20140805

Convention's Aftermath


So I went to the International Convention this weekend.  And looked at nrop on Monday night.  What a stupid piece of refuse I am.  Soak in HS, then splash around in Satan's pig pen.  You're never going to come clean dude.  I can wash off and change clothes, but then the dirt just soaks my clothes from the inside out.

According to the convention I need to:

1. Read More
2. Pray More (as much as is necessary to stop feeling anxious.)
3. Look up what is already written about my problems and try to apply that,
4. Stop feeling sorry for myself, wash my face and help others

Then I have this date with Kyra.  I'm not as worried about that, These things never work out.  It was rare that it did the one time with.  It won't be long before I see that look that tells me she is feeling sorry for me to be followed soon by impatience as the second hand crawls around the dial in silence.

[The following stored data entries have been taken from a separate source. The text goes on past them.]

Section Decode.
Variables (n : nat) (M : 'M[nat]_(2 * n - 2)).
Local Notation m := (2 * n - 1).
Local Notation N := (2 * n - 3).
Local Notation F := (mat_at M).
Hypotheses (n_ge2 : 2 <= n)
  (M_lower : forall i j : 'I_(2 * n - 2), val i < val j -> M i j = 0)
  (F_row : forall i j, 1 <= j -> j <= i -> i <= N -> F i (j - 1) <= F i j)
  (F_col : forall i j, j < i -> i <= N ->
     F (i - 1) j <= F i j + 1 /\ F i j <= F (i - 1) j)
  (F00 : F 0 0 = 2)
  (F_diag : forall i, 0 < i -> i < N ->
     F i i = F (i - 1) (i - 1) + 1 \/ F i i + 1 = F (i - 1) (i - 1))
  (FNN : F N N = 1)
  (F_subdiag : forall i, 1 <= i -> i <= N -> F i (i - 1) + 1 = F (i - 1) (i - 1))
  (F_corner : forall i j, 2 <= i -> i <= N -> 1 <= j -> j <= i - 2 ->
     F i (j - 1) + F (i - 1) j <= F i j + F (i - 1) (j - 1) + 1 /\
     F i j + F (i - 1) (j - 1) <= F i (j - 1) + F (i - 1) j).

Lemma F_out i j : N < i -> F i j = 0.
Proof. by move=> lt_i; apply: mat_at_out; lia. Qed.

Lemma row_mono i j j' : j <= j' -> j' <= i -> i <= N -> F i j <= F i j'.
Proof.
elim: j' => [|j' IH] le_jj' le_j'i le_iN.
  by move: le_jj'; rewrite leqn0 => /eqP ->.
case: (ltngtP j j'.+1) le_jj' => // [lt_j | ->] _ //.
apply: leq_trans (IH _ _ _) _; try lia.
by have := F_row i j'.+1; rewrite subn1 /=; apply; lia.
Qed.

There is the Speed Dating thing this weekend, Actually, that's probably the real trap.  I'll stay away from that.  First smart move I've made since "coming back" from the Convention.  I figure that even if it doesn't go awful with Kyra, it won't go so well that I would be willing to plunk down another grand to see her again for another 2 hour dinner date.  (not including dinner, drinks, gift plus tip.)

I can't believe I'm doing this, but I can't seem to get out of it.  I clearly need a generous application of number 1.  I am trapped so tightly I just can't move one way or the other.  This trap I am in is so diabolical that there must have been an intelligent but  Machiavellian entity that devised it.  I need God's help but I won't ask for it.  My prayers are not being heard -- I believe.